Much of what we do at HaystackID certainly involves eDiscovery, which is the information-gathering and information-sharing component of litigation. But perhaps more accurately, I would say that we at HaystackID specialize in e-evidence and electronic forensics. Our day-to-day work involves forensic preservation, collection, extraction, searching, and review of electronic data in litigation as well as in other contexts like data breaches and other cyber investigations, internal employment investigations, and regulatory proceedings. The approach we take in terms of chain of custody, application of sound principles of forensic analysis, etc., is the same whether in eDiscovery or some other context, but the use cases for our work can really take a lot of different forms. An often unheralded part of what we do is on the prevention side of the equation.
While we’re often known for the data sifting work we do, a big part of what we do is to help our clients reduce the costs and risks they might face before they get to litigation or to the point where they have to conduct discovery or some sort of investigation. Since we know where the pain points and potentially expensive hazards are down the road, we’re in a good position to help our clients put into place proactive and preventative Information Governance (IG), privacy and security, and data hygiene plans so that they can mitigate some of those risks before they appear.
What technology do you use to select valuable information from vast amounts of data?
It’s not uncommon for HaystackID to be asked to collect, process, analyze, and review terabytes of data as quickly as possible. Our forensic collection tools include Cellebrite, XRY, and EnCase. We also use a combination of tools, depending on need, to sift through the collected data to find those relatively few files that our clients really need. Tools like Nuix, Reveal (Brainspace), and Relativity, among others, help us with analysis and review. If it makes sense based on data volume and the nature of the case, we may apply artificial intelligence, machine learning, and analytics tools to help sift through the data. But those are just the tools in our toolbox. The real value comes from the incredibly smart and talented folks on our team who know how to use those tools.
How did the pandemic affect the legal industry? Were there any new challenges you had to adapt to?
HaystackID was well-positioned for the pandemic since the company has been investing heavily in developing and deploying remote 100% virtual document review teams, infrastructure, and technology staff over the past decade. The remote-work thing wasn’t new, and in many ways, for HaystackID employees, the pandemic and the lockdowns meant business as usual.
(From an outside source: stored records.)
Lemma flag_rejects_rich_edge ver G I O (L : node G -> bits) (v u : node G) :
  accepts (flag_ver ver) G I O L -> adj G v u ->
  rich (O v) && saturated (O v) -> ~~ rich (O u).
Proof.
move=> acc avu rsv; have := acc v => /and3P[_ /implyP /(_ rsv) + _].
rewrite /nbr_labels all_map => /allP /(_ u avu) /=.
by have := acc u => /and3P[/eqP -> _ _].
Qed.

Lemma flag_accepts_double_cover ver G I O (L : node G -> bits) :
  accepts (flag_ver ver) G I O L ->
  accepts ver (double_cover G) (fun x => I (proj x)) (fun x => O (proj x))
                               (fun x => behead (L (proj x))).
Proof.
move=> acc x; have := acc (proj x) => /and3P[_ _ h].
by rewrite nbr_labels_double_cover.
Qed.

(** Rings on [m] nodes have odd-girth [m], so their optimal instances are
    optimal instances of the odd-girth family. *)
Lemma ring_FY_odd_girth m G I O :
  ec_FY (is_ring m) G I O -> ec_FY (odd_girth_ge m) G I O.
Proof.
move=> [[wf ring ex] feas opt]; split => //; split => //.
have [<- [s H]] := is_ring_enum ring; exact: ring_odd_girth H.
Qed.

(** With approximation ratio (κ+1)/κ and OPT ≤ 2κ+1 on the double cover,
    a cover of the (2κ+1)-ring is optimal, or is the whole triangle. *)
Lemma approx_ratio_bound k X : 1 <= k ->
  k * X.*2 <= k.+1 * (2 * k).+1 -> X <= k.+1 \/ X = (2 * k).+1.
Proof.
move=> hk h; have [k1|k2] := leqP k 1.
  have k_eq1 : k = 1 by lia.
  by move: h; rewrite k_eq1; lia.
by left; nia.
Qed.

(** The double cover is a legal instance of the odd-girth family,
    so the APLS forces the cover to be (κ+1)/κ-approximate there. *)
Lemma flag_sound k ver : 1 <= k ->
  (forall G I O, ec_FN k.+1 k (odd_girth_ge (2 * k).+1) G I O ->
     forall L, ~ accepts ver G I O L) ->
  forall G I O, ec_FN 1 1 (is_ring (2 * k).+1) G I O ->
     forall L, ~ accepts (flag_ver ver) G I O L.
Proof.
move=> hk sound G I O [[wf ring _] not_opt] L acc.
have [n_eq [s ring_s]] := is_ring_enum ring.
have [n_gt0 ports_uniq _ _ _] := wf.
have n_gt2 : 2 < pg_n G by rewrite n_eq; lia.
have odd_n : odd (pg_n G) by rewrite n_eq /= mul2n odd_double.
apply: (sound _ _ _ _ _ (flag_accepts_double_cover acc)); split.
  split; [exact: wf_double_cover ring_s wf odd_n | exact: double_cover_odd_girth |].
  by exists (matching_cover s); exact: matching_cover_feasible.
move=> [feas2 [opt2 [is_opt2 approx]]].
have feas := double_cover_feasible feas2.
have count_size := ring_count_size ring_s n_gt2 ports_uniq feas.1.
have opt_lower O' : ec_feasible G O' -> k.+1 <= ec_size G O'.
  move=> feas'; have := feasible_count_lower feas'.
  by rewrite (ring_count_size ring_s n_gt2 ports_uniq feas'.1) n_eq; lia.
have opt2_le := double_cover_OPT_le ring_s wf is_opt2.
rewrite double_cover_size count_size n_eq in approx opt2_le.
have approx_n : k * (ec_size G O).*2 <= k.+1 * (2 * k).+1.
  by apply: leq_trans approx _; rewrite leq_mul2l opt2_le orbT.
have [size_le|size_full] := approx_ratio_bound hk approx_n.
- apply: not_opt; split => //; exists (ec_size G O); split; last by rewrite !mul1n.
  split; first by exists O.
  by move=> O' /opt_lower; apply: leq_trans size_le.
- have full := ring_full_cover ring_s n_gt2 ports_uniq feas.1 (etrans size_full (esym n_eq)).
  pose v : node G := Ordinal n_gt0.
  have := flag_rejects_rich_edge acc (adj_next ring_s v) (full v).
  by have /andP[-> _] := full (next s v).
Qed.

Theorem lemma5p6 :
  exists c : nat, forall kappa r : nat, 1 <= kappa ->
    has_ec_apls kappa.+1 kappa (odd_girth_ge (2 * kappa).+1) r ->
    has_ec_apls 1 1 (is_ring (2 * kappa).+1) (r + c).
Proof.
exists 1 => k r hk [prv [ver [[compl sound] psize]]].
exists (flag_prv prv), (flag_ver ver); split; last first.
  by rewrite addn1; apply: flag_prv_size psize => G I O; exact: ring_FY_odd_girth.
split; last exact: flag_sound.
by apply: flag_complete => G I O fy; apply/compl/ring_FY_odd_girth.
Qed.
Lawyers traditionally love their facetime (actual face-to-face interaction with clients, not necessarily the app). The legal industry is built on trust, and on that basis, the in-person human element of the legal industry is never going to go away entirely. Nonetheless, the pandemic created an opportunity for the legal profession and the broader legal industry to grow beyond old models. Virtual meetings replaced many of the physical conference room meetings, and a silver lining of the dark pandemic cloud was that it caused many in the industry to look at how efficient in-person meetings could be compared to virtual meetings. In that sense, the virtual exercise probably helped make the eventual return to in-person meetings more efficient and effective. Of course, there are also tradeoffs with productivity. As with many other industries, with no commute and less water cooler time, the legal industry saw productivity rise in many respects, even while professionals found new ways to balance personal demands while working from home.
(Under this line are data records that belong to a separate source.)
Section LinearRelation.
Variables (K : fieldType) (W V : vectType K) (P : W -> V -> Prop).
Hypotheses (P00 : P 0 0)
  (P_comb : forall a w1 v1 w2 v2, P w1 v1 -> P w2 v2 -> P (a *: w1 + w2) (a *: v1 + v2))
  (P_fun0 : forall v, P 0 v -> v = 0).

Lemma linear_relation_functional w v1 v2 : P w v1 -> P w v2 -> v1 = v2.
Proof.
move=> wv1 wv2; have := P_comb (-1) wv2 wv1; rewrite !scaleN1r addNr => /P_fun0.
by move/eqP; rewrite addrC subr_eq0 => /eqP.
Qed.

Lemma linear_relation_extension : exists l : {linear W -> V}, forall w v, P w v -> l w = v.
Proof.
have [U memU] := vspace_pred (P := fun w => exists v, P w v) (ex_intro _ 0 P00)
  (fun a _ _ '(ex_intro v1 P1) '(ex_intro v2 P2) => ex_intro _ _ (P_comb a P1 P2)).
pose g w := xget 0 (P w).
have gP w : w \in U -> P w (g w) by move=> /memU; apply: xgetPex.
pose f w := g (projv U w).
have f_lin : linear f.
  move=> a u v; rewrite /f linearD linearZ.
  have [Pu Pv] := (gP _ (memv_proj U u), gP _ (memv_proj U v)).
  apply: (linear_relation_functional _ (P_comb a Pu Pv)); apply: gP.
  by rewrite memvD ?memvZ ?memv_proj.
pose fL : {linear W -> V} := HB.pack f (GRing.isLinear.Build _ _ _ _ f f_lin).
exists fL => w v wv /=.
have Uw : w \in U by apply/memU; exists v.
by rewrite /f projv_id //; apply: (linear_relation_functional _ wv); apply: gP.
Qed.

End LinearRelation.

Section LocalOperator.
Variables (G : choiceType) (K : fieldType) (V : vectType K).
Variable T : (G -> V) -> G -> V.
Hypothesis T_comb : forall a x y n, T (fun h => a *: x h + y h) n = a *: T x n + T y n.
Hypothesis T_local : forall n, exists D : {fset G},
  forall x y, {in D, x =1 y} -> T x n = T y n.

Lemma locop_ext x y n : x =1 y -> T x n = T y n.
Proof. by move=> xy; have [D TD] := T_local n; apply: TD => h _; apply: xy. Qed.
As for some of the other challenges presented by the pandemic, like most other industries, the legal industry had to find ways to be more efficient about moving and interacting with data. Working remotely presented logistical, technical, and security challenges. Before the pandemic, for example, much of our computer forensic work was done in a physical lab. The need for those forensic services certainly didn’t slow during the pandemic. The pandemic made us find ways to perform many of the same technically and legally defensible tasks from remote locations rather than in a centralized lab.
We needed to figure out how to make sure everyone had the hardware and software they needed in their remote environment, that they were able to use those tools in their remote environment, and were able to do so in a secure fashion. The legal industry deals with a lot of sensitive, confidential, and often privileged information. During the pandemic, we needed to find a way to maintain the security of that information while our professionals were working with that information at their kitchen table. In retrospect, it was what I like to call a “probletunity.” What we learned and the methods we developed during the pandemic made many in the industry more mindful of information security and positioned us to better serve clients in the future, post-pandemic.
Does the recent rise in cloud solutions complicate eDiscovery in any way?
Most IT professionals will agree that cloud solutions present a lot of great benefits. Among other things, they can be much more powerful than on-premise solutions. They can help reduce IT costs. They can streamline IT management for a lot of companies. They can do the same things for eDiscovery. During the pandemic, for example, cloud solutions were integral to eDiscovery service providers since they allowed a very efficient way to provide eDiscovery services. Before the pandemic, HaystackID’s Core offering addressed both on-premise and cloud use cases, so it was a little less of a change for us, but for the industry as a whole, the move to the cloud was vital.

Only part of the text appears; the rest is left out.